TASK BRIEF – A single number is the whole answer: the count of lines in the records where "Prop" occurs.

SOURCE MATERIAL –
• • • •

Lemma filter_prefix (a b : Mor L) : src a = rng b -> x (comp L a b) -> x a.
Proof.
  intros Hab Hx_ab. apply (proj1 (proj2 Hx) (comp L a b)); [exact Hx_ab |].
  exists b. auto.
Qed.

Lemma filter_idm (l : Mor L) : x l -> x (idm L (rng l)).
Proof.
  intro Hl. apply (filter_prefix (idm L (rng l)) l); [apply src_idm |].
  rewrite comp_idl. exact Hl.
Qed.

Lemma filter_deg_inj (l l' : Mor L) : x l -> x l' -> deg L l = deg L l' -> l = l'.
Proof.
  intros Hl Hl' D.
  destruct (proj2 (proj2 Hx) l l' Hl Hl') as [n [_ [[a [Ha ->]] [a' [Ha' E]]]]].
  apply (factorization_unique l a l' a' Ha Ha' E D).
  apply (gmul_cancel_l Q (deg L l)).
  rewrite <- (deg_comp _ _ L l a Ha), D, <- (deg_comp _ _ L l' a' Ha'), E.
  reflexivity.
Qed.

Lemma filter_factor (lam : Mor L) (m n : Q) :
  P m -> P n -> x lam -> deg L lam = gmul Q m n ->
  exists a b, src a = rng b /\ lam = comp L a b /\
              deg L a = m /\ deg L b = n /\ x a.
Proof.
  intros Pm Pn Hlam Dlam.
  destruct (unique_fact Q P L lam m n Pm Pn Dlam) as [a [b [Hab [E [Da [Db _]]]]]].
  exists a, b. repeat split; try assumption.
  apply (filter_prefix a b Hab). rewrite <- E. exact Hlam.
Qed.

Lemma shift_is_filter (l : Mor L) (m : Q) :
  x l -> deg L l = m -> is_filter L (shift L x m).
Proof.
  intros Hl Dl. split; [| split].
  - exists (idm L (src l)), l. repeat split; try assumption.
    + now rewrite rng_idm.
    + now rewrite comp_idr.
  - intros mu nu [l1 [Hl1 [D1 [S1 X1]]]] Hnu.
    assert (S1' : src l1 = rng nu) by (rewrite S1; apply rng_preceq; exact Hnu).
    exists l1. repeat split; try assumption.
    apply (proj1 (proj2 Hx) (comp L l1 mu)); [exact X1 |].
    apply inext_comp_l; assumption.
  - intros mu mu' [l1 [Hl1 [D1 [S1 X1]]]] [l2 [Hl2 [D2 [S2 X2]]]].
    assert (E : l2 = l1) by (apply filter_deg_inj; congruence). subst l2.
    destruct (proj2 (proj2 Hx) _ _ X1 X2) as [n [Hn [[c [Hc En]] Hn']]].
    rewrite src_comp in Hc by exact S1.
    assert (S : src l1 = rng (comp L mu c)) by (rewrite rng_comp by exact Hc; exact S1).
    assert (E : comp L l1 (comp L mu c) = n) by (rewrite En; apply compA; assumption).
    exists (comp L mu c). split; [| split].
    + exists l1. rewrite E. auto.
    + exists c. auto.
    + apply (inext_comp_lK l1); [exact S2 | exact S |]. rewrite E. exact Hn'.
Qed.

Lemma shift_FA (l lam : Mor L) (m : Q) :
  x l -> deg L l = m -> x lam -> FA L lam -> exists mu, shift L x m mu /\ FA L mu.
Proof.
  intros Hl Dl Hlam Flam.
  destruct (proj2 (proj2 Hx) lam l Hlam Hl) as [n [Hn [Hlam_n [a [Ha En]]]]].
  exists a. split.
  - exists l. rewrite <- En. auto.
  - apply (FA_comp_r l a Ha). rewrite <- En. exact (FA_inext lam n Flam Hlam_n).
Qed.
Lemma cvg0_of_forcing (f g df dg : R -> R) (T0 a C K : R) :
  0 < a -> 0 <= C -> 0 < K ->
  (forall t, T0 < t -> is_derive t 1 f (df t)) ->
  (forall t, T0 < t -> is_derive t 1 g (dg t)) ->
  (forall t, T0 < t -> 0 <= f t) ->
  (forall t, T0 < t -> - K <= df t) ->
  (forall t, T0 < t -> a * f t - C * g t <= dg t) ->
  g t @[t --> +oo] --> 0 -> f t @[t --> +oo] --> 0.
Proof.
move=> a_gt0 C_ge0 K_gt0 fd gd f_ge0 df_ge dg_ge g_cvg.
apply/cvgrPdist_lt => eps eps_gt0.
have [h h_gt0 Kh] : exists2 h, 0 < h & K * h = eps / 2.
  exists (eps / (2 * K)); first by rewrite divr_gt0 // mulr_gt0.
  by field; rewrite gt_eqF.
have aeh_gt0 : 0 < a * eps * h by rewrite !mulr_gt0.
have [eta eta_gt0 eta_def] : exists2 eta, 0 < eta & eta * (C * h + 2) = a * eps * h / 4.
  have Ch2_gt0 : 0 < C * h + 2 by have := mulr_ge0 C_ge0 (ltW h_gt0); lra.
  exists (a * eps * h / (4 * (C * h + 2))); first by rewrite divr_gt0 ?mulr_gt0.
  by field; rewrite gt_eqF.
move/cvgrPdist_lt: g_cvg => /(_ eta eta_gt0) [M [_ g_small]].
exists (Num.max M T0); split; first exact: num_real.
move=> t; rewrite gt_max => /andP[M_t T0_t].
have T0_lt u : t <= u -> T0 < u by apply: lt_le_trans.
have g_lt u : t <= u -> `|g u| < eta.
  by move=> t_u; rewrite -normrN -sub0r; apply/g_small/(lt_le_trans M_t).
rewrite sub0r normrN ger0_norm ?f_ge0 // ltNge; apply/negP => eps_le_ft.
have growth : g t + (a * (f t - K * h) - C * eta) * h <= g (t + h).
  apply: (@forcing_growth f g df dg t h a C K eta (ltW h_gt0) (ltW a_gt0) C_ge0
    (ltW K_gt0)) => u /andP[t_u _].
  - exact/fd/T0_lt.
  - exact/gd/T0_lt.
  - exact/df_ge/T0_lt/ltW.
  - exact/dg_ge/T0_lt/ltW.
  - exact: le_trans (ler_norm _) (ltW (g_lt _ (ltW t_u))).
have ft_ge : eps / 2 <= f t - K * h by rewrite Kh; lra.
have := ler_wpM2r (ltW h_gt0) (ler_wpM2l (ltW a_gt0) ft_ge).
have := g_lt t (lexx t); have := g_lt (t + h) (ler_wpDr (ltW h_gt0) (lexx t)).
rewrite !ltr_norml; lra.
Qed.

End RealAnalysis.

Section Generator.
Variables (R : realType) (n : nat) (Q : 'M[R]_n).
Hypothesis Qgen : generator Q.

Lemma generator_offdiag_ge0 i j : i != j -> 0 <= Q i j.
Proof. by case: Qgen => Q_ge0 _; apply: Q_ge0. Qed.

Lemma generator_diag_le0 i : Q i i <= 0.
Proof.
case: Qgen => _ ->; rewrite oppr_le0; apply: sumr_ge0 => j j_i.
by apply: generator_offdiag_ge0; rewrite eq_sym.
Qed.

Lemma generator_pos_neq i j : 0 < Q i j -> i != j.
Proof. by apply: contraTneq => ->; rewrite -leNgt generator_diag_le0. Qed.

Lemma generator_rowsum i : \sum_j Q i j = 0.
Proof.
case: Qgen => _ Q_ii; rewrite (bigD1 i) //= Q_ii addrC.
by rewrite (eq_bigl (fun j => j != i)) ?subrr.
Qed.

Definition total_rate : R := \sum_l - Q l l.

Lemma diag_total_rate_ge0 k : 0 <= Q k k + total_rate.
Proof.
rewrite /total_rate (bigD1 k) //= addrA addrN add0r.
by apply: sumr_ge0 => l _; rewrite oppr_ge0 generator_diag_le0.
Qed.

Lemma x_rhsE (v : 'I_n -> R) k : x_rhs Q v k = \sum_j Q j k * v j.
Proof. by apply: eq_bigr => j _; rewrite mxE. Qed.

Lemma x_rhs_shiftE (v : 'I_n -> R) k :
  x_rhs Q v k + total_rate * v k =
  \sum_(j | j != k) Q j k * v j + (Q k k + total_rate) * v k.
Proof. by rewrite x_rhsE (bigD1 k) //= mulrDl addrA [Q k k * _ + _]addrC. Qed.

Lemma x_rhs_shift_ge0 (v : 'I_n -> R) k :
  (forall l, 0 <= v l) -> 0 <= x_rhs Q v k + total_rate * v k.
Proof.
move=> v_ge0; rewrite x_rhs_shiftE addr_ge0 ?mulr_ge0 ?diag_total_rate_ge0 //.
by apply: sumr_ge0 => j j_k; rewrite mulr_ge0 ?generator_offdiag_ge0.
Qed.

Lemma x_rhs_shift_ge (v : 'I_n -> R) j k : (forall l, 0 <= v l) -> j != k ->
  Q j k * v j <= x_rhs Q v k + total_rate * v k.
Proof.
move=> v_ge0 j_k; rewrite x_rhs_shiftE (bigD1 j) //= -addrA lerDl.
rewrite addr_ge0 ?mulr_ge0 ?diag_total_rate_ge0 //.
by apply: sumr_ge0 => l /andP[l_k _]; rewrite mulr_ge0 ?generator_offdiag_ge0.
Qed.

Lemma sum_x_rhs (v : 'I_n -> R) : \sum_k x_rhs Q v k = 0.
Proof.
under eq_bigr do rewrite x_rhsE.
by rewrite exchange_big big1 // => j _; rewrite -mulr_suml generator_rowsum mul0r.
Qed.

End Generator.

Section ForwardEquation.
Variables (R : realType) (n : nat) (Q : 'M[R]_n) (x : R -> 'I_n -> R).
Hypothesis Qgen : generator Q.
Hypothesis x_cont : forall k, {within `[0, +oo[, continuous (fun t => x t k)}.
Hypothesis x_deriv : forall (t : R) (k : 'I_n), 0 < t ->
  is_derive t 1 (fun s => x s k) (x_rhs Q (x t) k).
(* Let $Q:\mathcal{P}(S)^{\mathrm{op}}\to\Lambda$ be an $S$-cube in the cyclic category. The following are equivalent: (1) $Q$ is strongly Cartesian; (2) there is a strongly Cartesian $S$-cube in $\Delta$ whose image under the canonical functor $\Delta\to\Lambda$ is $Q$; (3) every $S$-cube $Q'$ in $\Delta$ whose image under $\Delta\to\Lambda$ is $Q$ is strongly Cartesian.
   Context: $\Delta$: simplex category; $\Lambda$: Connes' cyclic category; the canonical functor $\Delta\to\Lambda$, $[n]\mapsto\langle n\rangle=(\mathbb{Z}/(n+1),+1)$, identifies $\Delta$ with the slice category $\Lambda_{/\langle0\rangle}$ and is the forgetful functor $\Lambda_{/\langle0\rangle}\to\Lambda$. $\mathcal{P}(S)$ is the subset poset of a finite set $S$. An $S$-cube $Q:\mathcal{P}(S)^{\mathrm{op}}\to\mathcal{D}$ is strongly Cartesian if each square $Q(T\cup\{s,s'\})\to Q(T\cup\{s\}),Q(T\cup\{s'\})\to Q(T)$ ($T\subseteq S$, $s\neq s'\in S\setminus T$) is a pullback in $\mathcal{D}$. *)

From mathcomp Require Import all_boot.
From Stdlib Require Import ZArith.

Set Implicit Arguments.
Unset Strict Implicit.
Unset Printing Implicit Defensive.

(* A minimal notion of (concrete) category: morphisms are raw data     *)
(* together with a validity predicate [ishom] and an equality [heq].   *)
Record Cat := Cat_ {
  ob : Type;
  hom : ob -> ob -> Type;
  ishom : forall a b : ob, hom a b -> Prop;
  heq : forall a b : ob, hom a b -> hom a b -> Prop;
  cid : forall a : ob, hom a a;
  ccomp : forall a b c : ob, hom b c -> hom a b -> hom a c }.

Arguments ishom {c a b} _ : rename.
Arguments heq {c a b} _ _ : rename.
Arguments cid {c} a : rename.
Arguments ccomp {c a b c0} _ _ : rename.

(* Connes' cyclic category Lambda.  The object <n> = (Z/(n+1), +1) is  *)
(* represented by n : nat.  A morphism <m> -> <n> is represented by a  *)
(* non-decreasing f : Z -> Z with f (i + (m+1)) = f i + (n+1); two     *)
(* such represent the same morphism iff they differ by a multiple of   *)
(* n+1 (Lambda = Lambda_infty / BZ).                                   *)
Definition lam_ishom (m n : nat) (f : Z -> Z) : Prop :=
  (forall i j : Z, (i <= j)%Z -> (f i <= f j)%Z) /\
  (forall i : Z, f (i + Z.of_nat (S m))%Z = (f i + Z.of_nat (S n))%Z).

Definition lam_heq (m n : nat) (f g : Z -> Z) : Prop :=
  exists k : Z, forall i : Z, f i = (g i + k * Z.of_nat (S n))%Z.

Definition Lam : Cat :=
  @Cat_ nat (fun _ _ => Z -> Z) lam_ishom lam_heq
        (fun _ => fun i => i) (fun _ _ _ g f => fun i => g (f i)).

• • • •

EXERCISE ANSWER – 4